After several project wins in Boise and other Idaho cities, Ron and Julie Wells in 1983 moved to Spokane.

Main said watching the couple discuss a project was something to behold.

Ron Wells “was very bright. He could go off on these tangents, architectural philosophical tangents. I had no idea what he was talking about,” Main said. “He would get so involved in the project and so excited wanting to see the end that sometimes the financial aspects weren’t his focus.”

But Julie Wells interjected practicality.

“She was an interior designer. I would say Julie was more frugal and more business-oriented,” Main said. “They would get into some pretty heated discussions. The ones they agreed on were highly successful.”

Main ended up partnering with Ron and Julie Wells on the Morgan Building, at 315 W. Riverside Ave. They converted the six-story 1909 building into 32 units now known as the Morgan Lofts.

“It was very unique at the time. As you probably know, Ron was a very unconventional guy,” Main said. “Downtown, in most people’s minds, was kind of a risky, less-than-desirable place to live. We sold out quickly. It’s changed a lot since then.”

Ron and Julie Wells divorced about a decade ago, after Ron Wells began one of his greatest fetes: the unraveling of the legal mess that had embroiled the Ridpath Hotel.

Felony charges

Just as Ron Wells, Paul Mann and others were nearing the yearslong battle to convert the hotel into apartments, Ron Wells ended up in federal court.

In 2018, Ron Wells and 21 other defendants were indicted for staging a “series of automobile, boating, stair fall, pedestrian/vehicle and other accidents” in Washington, Idaho, Nevada and California from 2013 to 2018, according to court documents.

In total, the group was alleged to have defrauded insurance companies of more than $6 million. Ron Wells was sentenced for nine felonies for staging car accidents and money laundering.

Just months after Ron Wells pleaded guilty in 2019, he nearly died.
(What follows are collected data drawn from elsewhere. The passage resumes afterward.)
(* Consider the algorithm described in the context, and suppose it does not terminate finitely. Then for every $k\in\mathbb{N}$, $$\|c_k\|_2-\|c_k+J_ks_k\|_2=\|c_k\|_2-\|c_k+J_kv_k\|_2\ge \frac{1}{2\kappa_c}\|J_k^Tc_k\|_2^2\min\Big\{\frac{1}{1+\kappa_{\nabla c}^2},\ \kappa_v\alpha_k\Big\}.$$
   Context: Problem: $\min_{x\in\mathbb{R}^n} f(x)+r(x)$ subject to $c(x)=0$, where $f:\mathbb{R}^n\to\mathbb{R}$ and $c:\mathbb{R}^n\to\mathbb{R}^m$ ($m\le n$) are continuously differentiable and $r:\mathbb{R}^n\to\mathbb{R}_{\ge 0}$ is convex. Write $g(x)=\nabla f(x)$, $J(x)=\nabla c(x)^T$, and $f_k=f(x_k)$, $g_k=g(x_k)$, $c_k=c(x_k)$, $J_k=J(x_k)$, $r_k=r(x_k)$. All norms are Euclidean (the matrix norm is the spectral norm). Merit function: $\Phi_\tau(x)=\tau(f(x)+r(x))+\|c(x)\|_2$. Algorithm: inputs $x_0$, $\alpha_0>0$, $\tau_{-1}>0$; constants $\kappa_v>0$, $\sigma_c,\epsilon_\tau,\xi,\eta\in(0,1)$, $\sigma_u\in(0,1/2]$, $\bar\sigma_u:=\sigma_u+\tfrac12$. For $k=0,1,\dots$: 1. If $J_k^Tc_k\ne0$, compute $v_k$ with $v_k\in\mathrm{Range}(J_k^T)$, $\|v_k\|_2\le\kappa_v\alpha_k\|J_k^Tc_k\|_2$, $\|c_k+J_kv_k\|_2\le\|c_k+J_kv_k^c\|_2$, where $v_k^c=-\beta_k^cJ_k^Tc_k$ with $\beta_k^c$ minimizing $\tfrac12\|c_k-\beta J_kJ_k^Tc_k\|_2^2$ over $0\le\beta\le\kappa_v\alpha_k$. Otherwise set $v_k=0$, and if $c_k\ne0$ terminate. 2. Let $u_k$ be the unique minimizer of $g_k^Tu+\tfrac1{2\alpha_k}\|u\|_2^2+r(x_k+v_k+u)$ subject to $J_ku=0$; set $s_k=v_k+u_k$. If $s_k=0$, terminate. 3. Let $D_k:=g_k^Ts_k+\bar\sigma_u\|s_k\|_2^2/\alpha_k+r(x_k+s_k)-r_k$; $\tau_{k,\mathrm{trial}}=\infty$ if $D_k\le0$, else $\tau_{k,\mathrm{trial}}=(1-\sigma_c)(\|c_k\|_2-\|c_k+J_kv_k\|_2)/D_k$. Set $\tau_k=\tau_{k-1}$ if $\tau_{k-1}\le\tau_{k,\mathrm{trial}}$, else $\tau_k=\min\{(1-\epsilon_\tau)\tau_{k-1},\tau_{k,\mathrm{trial}}\}$. 4. With $\Delta q_k(s,\tau):=-\tau(g_k^Ts+\tfrac1{2\alpha_k}\|s\|_2^2+r(x_k+s)-r_k)+\|c_k\|_2-\|c_k+J_ks\|_2$: if $\Phi_{\tau_k}(x_k+s_k)\le\Phi_{\tau_k}(x_k)-\eta\Delta q_k(s_k,\tau_k)$ set $x_{k+1}=x_k+s_k$, $\alpha_{k+1}=\alpha_k$; else $x_{k+1}=x_k$, $\alpha_{k+1}=\xi\alpha_k$. Standing assumption: there is an open convex set $\mathcal X$ containing all iterates $x_k$ and trial points $x_k+s_k$ such that $f$ is bounded below on $\mathcal X$, $\nabla f$ is bounded and Lipschitz continuous on $\mathcal X$, $\|c(x)\|_2\le\kappa_c$ and $\|J(x)\|_2\le\kappa_{\nabla c}$ for all $x\in\mathcal X$ (constants $\kappa_c,\kappa_{\nabla c}>0$), $J$ is Lipschitz continuous on $\mathcal X$, and all subgradients of $r$ at points of $\mathcal X$ are uniformly bounded in norm. *)

From HB Require Import structures.
From mathcomp Require Import all_boot all_order all_algebra.
From mathcomp Require Import all_classical all_reals all_analysis.
Set Implicit Arguments. Unset Strict Implicit. Unset Printing Implicit Defensive.
Import Order.TTheory GRing.Theory Num.Theory.
Import numFieldNormedType.Exports.
Local Open Scope classical_set_scope.
Local Open Scope ring_scope.

Section Defs.
Variable R : realType.

Definition dotv {k : nat} (u v : 'cV[R]_k) : R := \sum_(i < k) u i 0 * v i 0.
Definition norm2 {k : nat} (u : 'cV[R]_k) : R := Num.sqrt (dotv u u).

(* ||A||_2 <= a for the spectral norm ||A||_2 = sup_{d <> 0} ||A d||_2/||d||_2. *)
Definition specnorm_le {p q : nat} (A : 'M[R]_(p, q)) (a : R) : Prop :=
  forall d : 'cV[R]_q, norm2 (A *m d) <= a * norm2 d.

Variables (n m : nat).

Definition convex_set (X : set 'cV[R]_n) : Prop :=
  forall x y, X x -> X y -> forall t : R, 0 <= t <= 1 -> X (t *: x + (1 - t) *: y).
Definition convex_fun (r : 'cV[R]_n -> R) : Prop :=
  forall x y (t : R), 0 <= t <= 1 ->
    r (t *: x + (1 - t) *: y) <= t * r x + (1 - t) * r y.

Definition subgrad (r : 'cV[R]_n -> R) (x w : 'cV[R]_n) : Prop :=
  forall y, r x + dotv w (y - x) <= r y.

Definition merit (f r : 'cV[R]_n -> R) (c : 'cV[R]_n -> 'cV[R]_m) (tau : R)
  (x : 'cV[R]_n) : R := tau * (f x + r x) + norm2 (c x).

Definition cauchy_obj (ck : 'cV[R]_m) (Jk : 'M[R]_(m, n)) (beta : R) : R :=
  2^-1 * norm2 (ck - beta *: (Jk *m Jk^T *m ck)) ^+ 2.

Definition step1_ok (kv ak : R) (ck : 'cV[R]_m) (Jk : 'M[R]_(m, n))
  (vk : 'cV[R]_n) : Prop :=
  if Jk^T *m ck != 0 then
    [/\ (exists w : 'cV[R]_m, vk = Jk^T *m w),
        norm2 vk <= kv * ak * norm2 (Jk^T *m ck) &
        exists betac : R,
          [/\ 0 <= betac <= kv * ak,
              (forall b : R, 0 <= b <= kv * ak ->
                 cauchy_obj ck Jk betac <= cauchy_obj ck Jk b) &
              norm2 (ck + Jk *m vk)
                <= norm2 (ck + Jk *m (- (betac *: (Jk^T *m ck))))]]
  else vk = 0.

Definition step2_obj (r : 'cV[R]_n -> R) (gk xk vk : 'cV[R]_n) (ak : R)
  (u : 'cV[R]_n) : R :=
  dotv gk u + (2 * ak)^-1 * norm2 u ^+ 2 + r (xk + vk + u).

Definition step2_ok (r : 'cV[R]_n -> R) (gk xk vk : 'cV[R]_n) (ak : R)
  (Jk : 'M[R]_(m, n)) (uk : 'cV[R]_n) : Prop :=
  [/\ Jk *m uk = 0,
      (forall u, Jk *m u = 0 -> step2_obj r gk xk vk ak uk <= step2_obj r gk xk vk ak u) &
      (forall u, Jk *m u = 0 -> step2_obj r gk xk vk ak u <= step2_obj r gk xk vk ak uk ->
         u = uk)].

(* Step 3: D_k and the merit parameter update (tau_trial = +oo when D_k <= 0) *)
Definition Dk (r : 'cV[R]_n -> R) (sigu : R) (gk xk sk : 'cV[R]_n) (ak : R) : R :=
  dotv gk sk + (sigu + 2^-1) * norm2 sk ^+ 2 / ak + r (xk + sk) - r xk.

Definition tau_update (sigc epst : R) (D : R) (ck : 'cV[R]_m) (Jk : 'M[R]_(m, n))
  (vk : 'cV[R]_n) (taup : R) : R :=
  if D <= 0 then taup
  else let trial := (1 - sigc) * (norm2 ck - norm2 (ck + Jk *m vk)) / D in
       if taup <= trial then taup else Num.min ((1 - epst) * taup) trial.

Definition dq (r : 'cV[R]_n -> R) (gk xk : 'cV[R]_n) (ak : R) (ck : 'cV[R]_m)
  (Jk : 'M[R]_(m, n)) (s : 'cV[R]_n) (tau : R) : R :=
  - tau * (dotv gk s + (2 * ak)^-1 * norm2 s ^+ 2 + r (xk + s) - r xk)
  + norm2 ck - norm2 (ck + Jk *m s).

(* The full algorithm run, assuming it never terminates. Sequences:
   x k = x_k, a k = alpha_k, tau k = tau_k (tau_{-1} = taum1), v k, u k. *)
Definition algorithm_run (f r : 'cV[R]_n -> R) (g : 'cV[R]_n -> 'cV[R]_n)
  (c : 'cV[R]_n -> 'cV[R]_m) (J : 'cV[R]_n -> 'M[R]_(m, n))
  (kv sigc epst xi eta sigu taum1 : R)
  (x : nat -> 'cV[R]_n) (a : nat -> R) (tau : nat -> R)
  (v u : nat -> 'cV[R]_n) : Prop :=
  forall k : nat,
    let xk := x k in let ak := a k in
    let gk := g xk in let ck := c xk in let Jk := J xk in
    let sk := v k + u k in
    let taup := if k is k'.+1 then tau k' else taum1 in
    (* step 1, and no termination in step 1 *)
    step1_ok kv ak ck Jk (v k) /\
    ~ (Jk^T *m ck = 0 /\ ck != 0) /\
    (* step 2, and no termination in step 2 *)
    step2_ok r gk xk (v k) ak Jk (u k) /\
    sk != 0 /\
    tau k = tau_update sigc epst (Dk r sigu gk xk sk ak) ck Jk (v k) taup /\
    (if merit f r c (tau k) (xk + sk)
             <= merit f r c (tau k) xk - eta * dq r gk xk ak ck Jk sk (tau k)
        then x k.+1 = xk + sk /\ a k.+1 = ak
        else x k.+1 = xk /\ a k.+1 = xi * ak).

Definition standing_assumption (f r : 'cV[R]_n -> R) (g : 'cV[R]_n -> 'cV[R]_n)
  (c : 'cV[R]_n -> 'cV[R]_m) (J : 'cV[R]_n -> 'M[R]_(m, n)) (kc kJ : R)
  (x : nat -> 'cV[R]_n) (v u : nat -> 'cV[R]_n) : Prop :=
  exists X : set 'cV[R]_n,
    open X /\ convex_set X /\
    (forall k, X (x k) /\ X (x k + (v k + u k))) /\
    (exists lb : R, forall y, X y -> lb <= f y) /\
    (exists M : R, forall y, X y -> norm2 (g y) <= M) /\
    (exists L : R, forall y z, X y -> X z -> norm2 (g y - g z) <= L * norm2 (y - z)) /\
    (forall y, X y -> norm2 (c y) <= kc /\ specnorm_le (J y) kJ) /\
    (exists L : R, forall y z, X y -> X z -> specnorm_le (J y - J z) (L * norm2 (y - z))) /\
    (exists M : R, forall y w, X y -> subgrad r y w -> norm2 w <= M).

End Defs.

From HB Require Import structures.
From mathcomp Require Import all_boot all_order all_algebra.
From mathcomp Require Import all_classical all_reals all_analysis.
From mathcomp Require Import ring lra.
Import Order.TTheory GRing.Theory Num.Theory.
Import numFieldNormedType.Exports.
Local Open Scope classical_set_scope.
Local Open Scope ring_scope.

(* The Cauchy step [-beta J^T c] with [beta = min(1/(1 + kJ^2), kv alpha)]
   reduces the squared residual by at least [beta ||J^T c||^2], because
   [beta ||J J^T c||^2 <= beta kJ^2 ||J^T c||^2 <= ||J^T c||^2]; the normal
   step [v] does at least as well, and [u] lies in the kernel of [J].
   Turning the decrease of the squares into a decrease of the norms costs the
   factor [||c|| + ||c + J v|| <= 2 kc]. *)

Section EuclideanNorm.
Context {R : realType}.

Lemma dotvE k (u w : 'cV[R]_k) : dotv u w = (u^T *m w) 0 0.
Proof. by rewrite /dotv !mxE; apply: eq_bigr => i _; rewrite mxE. Qed.

Lemma dotv_ge0 k (u : 'cV[R]_k) : 0 <= dotv u u.
Proof. by apply: sumr_ge0 => i _; rewrite -expr2 sqr_ge0. Qed.

Lemma sqr_norm2 k (u : 'cV[R]_k) : norm2 u ^+ 2 = dotv u u.
Proof. by rewrite /norm2 sqr_sqrtr // dotv_ge0. Qed.

Lemma norm2_ge0 k (u : 'cV[R]_k) : 0 <= norm2 u.
Proof. exact: sqrtr_ge0. Qed.

Lemma norm2_0 k : norm2 (0 : 'cV[R]_k) = 0.
Proof. by rewrite /norm2 /dotv big1 ?sqrtr0 // => i _; rewrite mxE mul0r. Qed.

Lemma dotv_mulmx p q (c : 'cV[R]_p) (A : 'M[R]_(p, q)) (w : 'cV[R]_q) :
  dotv c (A *m w) = dotv (A^T *m c) w.
Proof. by rewrite !dotvE trmx_mul trmxK mulmxA. Qed.

Lemma sqr_norm2_subZ k (c y : 'cV[R]_k) (b : R) :
  norm2 (c - b *: y) ^+ 2
    = norm2 c ^+ 2 - 2 * b * dotv c y + b ^+ 2 * norm2 y ^+ 2.
Proof.
rewrite !sqr_norm2 /dotv !mulr_sumr -sumrB -big_split /=.
by apply: eq_bigr => i _; rewrite !mxE; ring.
Qed.

Lemma specnorm_le_sqr {p q} {A : 'M[R]_(p, q)} {a : R} (d : 'cV[R]_q) :
  specnorm_le A a -> norm2 (A *m d) ^+ 2 <= a ^+ 2 * norm2 d ^+ 2.
Proof.
by move=> /(_ d) hA; rewrite -exprMn !expr2; apply: ler_pM; rewrite ?norm2_ge0.
Qed.

End EuclideanNorm.

Section CauchyStep.
Context {R : realType} {n m : nat}.
Implicit Types (c : 'cV[R]_m) (J : 'M[R]_(m, n)) (b kJ kv ak : R).

Lemma cauchy_objE c J b :
  2 * cauchy_obj c J b
    = norm2 c ^+ 2 - 2 * b * norm2 (J^T *m c) ^+ 2
      + b ^+ 2 * norm2 (J *m (J^T *m c)) ^+ 2.
Proof.
rewrite /cauchy_obj mulrA mulfV ?pnatr_eq0 // mul1r -mulmxA sqr_norm2_subZ.
by rewrite dotv_mulmx -sqr_norm2.
Qed.

Lemma sqr_norm2_cauchy_step c J b :
  norm2 (c + J *m - (b *: (J^T *m c))) ^+ 2 = 2 * cauchy_obj c J b.
Proof.
by rewrite cauchy_objE mulmxN -scalemxAr sqr_norm2_subZ dotv_mulmx -sqr_norm2.
Qed.

Lemma cauchy_obj_le c J b kJ :
  specnorm_le J kJ -> 0 <= b -> b * kJ ^+ 2 <= 1 ->
  2 * cauchy_obj c J b <= norm2 c ^+ 2 - b * norm2 (J^T *m c) ^+ 2.
Proof.
move=> hJ hb0 hbkJ; rewrite cauchy_objE.
set W := norm2 (J^T *m c) ^+ 2.
have hW0 : 0 <= W by rewrite sqr_ge0.
have hbJ : b * norm2 (J *m (J^T *m c)) ^+ 2 <= W.
  apply: le_trans (_ : b * (kJ ^+ 2 * W) <= W).
    by rewrite ler_wpM2l // specnorm_le_sqr.
  by rewrite mulrA -[leRHS]mul1r ler_wpM2r.
have := ler_wpM2l hb0 hbJ; rewrite mulrA -expr2; lra.
Qed.

Definition cauchy_steplen kJ kv ak : R := Num.min (1 + kJ ^+ 2)^-1 (kv * ak).

Lemma cauchy_steplen_ge0 kJ kv ak : 0 <= kv * ak -> 0 <= cauchy_steplen kJ kv ak.
Proof. by move=> hka; rewrite le_min hka invr_ge0 addr_ge0 ?sqr_ge0. Qed.

Lemma cauchy_steplen_le kJ kv ak : cauchy_steplen kJ kv ak <= kv * ak.
Proof. by rewrite ge_min lexx orbT. Qed.

Lemma cauchy_steplen_mul_le1 kJ kv ak : cauchy_steplen kJ kv ak * kJ ^+ 2 <= 1.
Proof.
have hkJ : 0 < 1 + kJ ^+ 2 by rewrite ltr_pwDl ?sqr_ge0.
apply: le_trans (_ : (1 + kJ ^+ 2)^-1 * kJ ^+ 2 <= 1).
  by rewrite ler_wpM2r ?sqr_ge0 // ge_min lexx.
by rewrite mulrC ler_pdivrMr // mul1r lerDr.
Qed.

Lemma step1_sqr_decrease kv ak kJ c J (v : 'cV[R]_n) :
  0 <= kv * ak -> specnorm_le J kJ -> step1_ok kv ak c J v ->
  norm2 (c + J *m v) ^+ 2
    <= norm2 c ^+ 2 - cauchy_steplen kJ kv ak * norm2 (J^T *m c) ^+ 2.
Proof.
move=> hka hJ; rewrite /step1_ok; case: ifPn => [_ | /negPn/eqP -> ->].
  move=> [_ _ [betac [_ hmin hv]]].
  set b0 := cauchy_steplen kJ kv ak.
  have hb0 : 0 <= b0 by exact: cauchy_steplen_ge0.
  apply: le_trans (_ : _ <= 2 * cauchy_obj c J b0) _; last first.
    exact: cauchy_obj_le hJ hb0 (cauchy_steplen_mul_le1 _ _ _).
  apply: le_trans (_ : _ <= 2 * cauchy_obj c J betac) _.
    by rewrite -sqr_norm2_cauchy_step ler_pXn2r ?nnegrE ?norm2_ge0.
  by rewrite ler_pM2l // hmin // hb0 cauchy_steplen_le.
by rewrite mulmx0 addr0 norm2_0 expr0n mulr0 subr0.
Qed.

End CauchyStep.

Lemma le_gap_of_sqr_le {R : realFieldType} {s t K D : R} :
  0 <= s -> 0 <= t -> t <= K -> 0 <= D ->
  s ^+ 2 <= t ^+ 2 - D -> D <= 2 * K * (t - s).
Proof.
move=> hs ht htK hD hst2.
have hst : s <= t by rewrite -(ler_pXn2r (_ : 0 < 2)%N) ?nnegrE //; lra.
have hgap : D <= (t - s) * (t + s) by rewrite mulrDr !mulrBl; lra.
apply: le_trans hgap _; rewrite [leRHS]mulrC.
by apply: ler_wpM2l; [rewrite subr_ge0 | lra].
Qed.

Lemma run_stepsize_gt0 {R : realType} {n m : nat}
    {f r : 'cV[R]_n -> R} {g : 'cV[R]_n -> 'cV[R]_n}
    {c : 'cV[R]_n -> 'cV[R]_m} {J : 'cV[R]_n -> 'M[R]_(m, n)}
    {kv sigc epst xi eta sigu taum1 : R}
    {x : nat -> 'cV[R]_n} {a tau : nat -> R} {v u : nat -> 'cV[R]_n} :
  0 < xi -> 0 < a 0%N ->
  algorithm_run f r g c J kv sigc epst xi eta sigu taum1 x a tau v u ->
  forall k, 0 < a k.
Proof.
move=> hxi ha0 hrun; elim=> [//|k IHk].
have [_ [_ [_ [_ [_ ]]]]] := hrun k.
by case: ifP => _ [_ ->] //; rewrite mulr_gt0.
Qed.

Theorem lemma3p6 (R : realType) (n m : nat) (hmn : (m <= n)%N)
  (f r : 'cV[R]_n -> R) (g : 'cV[R]_n -> 'cV[R]_n)
  (c : 'cV[R]_n -> 'cV[R]_m) (J : 'cV[R]_n -> 'M[R]_(m, n))
  (* f, c continuously differentiable with gradient g and Jacobian J *)
  (hf : forall y, differentiable f y /\ forall d, 'd f y d = dotv (g y) d)
  (hg : continuous g)
  (hc : forall y, differentiable c y /\ forall d, 'd c y d = J y *m d)
  (hJ : continuous J)
  (* r : R^n -> R_{>=0} convex *)
  (hr0 : forall y, 0 <= r y) (hrc : convex_fun r)
  (* algorithm constants *)
  (kv sigc epst xi eta sigu taum1 kc kJ : R)
  (hkv : 0 < kv) (hsigc : 0 < sigc < 1) (hepst : 0 < epst < 1)
  (hxi : 0 < xi < 1) (heta : 0 < eta < 1) (hsigu : 0 < sigu <= 2^-1)
  (htaum1 : 0 < taum1) (hkc : 0 < kc) (hkJ : 0 < kJ)
  (* iterates *)
  (x : nat -> 'cV[R]_n) (a : nat -> R) (tau : nat -> R) (v u : nat -> 'cV[R]_n)
  (ha0 : 0 < a 0%N)
  (hrun : algorithm_run f r g c J kv sigc epst xi eta sigu taum1 x a tau v u)
  (hsa : standing_assumption f r g c J kc kJ x v u) :
  forall k : nat,
    norm2 (c (x k)) - norm2 (c (x k) + J (x k) *m (v k + u k))
      = norm2 (c (x k)) - norm2 (c (x k) + J (x k) *m v k)
    /\ norm2 (c (x k)) - norm2 (c (x k) + J (x k) *m v k)
      >= (2 * kc)^-1 * norm2 ((J (x k))^T *m c (x k)) ^+ 2
         * Num.min (1 + kJ ^+ 2)^-1 (kv * a k).
Proof.
move=> k.
have [hxi0 _] := andP hxi.
have hka : 0 <= kv * a k.
  by rewrite mulr_ge0 ?ltW ?(run_stepsize_gt0 hxi0 ha0 hrun).
have [hstep1 [_ [[hJu _ _] _]]] := hrun k.
have [X [_ [_ [hXrun [_ [_ [_ [hXcJ _]]]]]]]] := hsa.
have [hckc hJkJ] := hXcJ _ (proj1 (hXrun k)).
split; first by rewrite mulmxDr hJu addr0.
rewrite -mulrA ler_pdivrMl ?mulr_gt0 // mulrC.
apply: le_gap_of_sqr_le _ _ hckc _ _; rewrite ?norm2_ge0 //.
  by rewrite mulr_ge0 ?sqr_ge0 ?cauchy_steplen_ge0.
exact: step1_sqr_decrease hka hJkJ hstep1.
Qed.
After undergoing bariatric surgery in August 2019, he suffered a ruptured colon and went into a coma. He then had to learn how to walk again, which he did into court in 2020 when U.S. District Court Judge Thomas Rice sentenced him to a year of home detention.

In April 2023, after serving his sentence, Ron Wells granted an interview about how proud he was of Mann and how the Ridpath had finally achieved full occupancy.

“I had a period there where I was really not able to function,” Ron Wells said. “I could never retire from this. I’m looking for another project.”

But he filed for Chapter 13 federal bankruptcy in August 2023, declaring assets of about $3.1 million and liabilities of between $1 and $10 million, including an unspecified amount to the Internal Revenue Service.

Aaron Taylor, 40, who said he has been Ron Wells’ caregiver and best friend since 2017, said he was not sure why he filed for bankruptcy.

Despite his health problems in 2019, the innovative developer had been improving. Taylor said he left Ron Wells napping on Sunday evening, when he apparently died in his sleep.

Taylor said he discovered him Monday morning.

On Wednesday, Taylor traveled to downtown Spokane for lunch.

“I could feel him everywhere,” Taylor said, “because his touch is on every building that is significant in downtown.

“Everything he put his mind to and his passion to, he did so with a vigor that most people wouldn’t even understand,” Taylor said. “He was a force of nature. He did things and lived his life to the fullest.”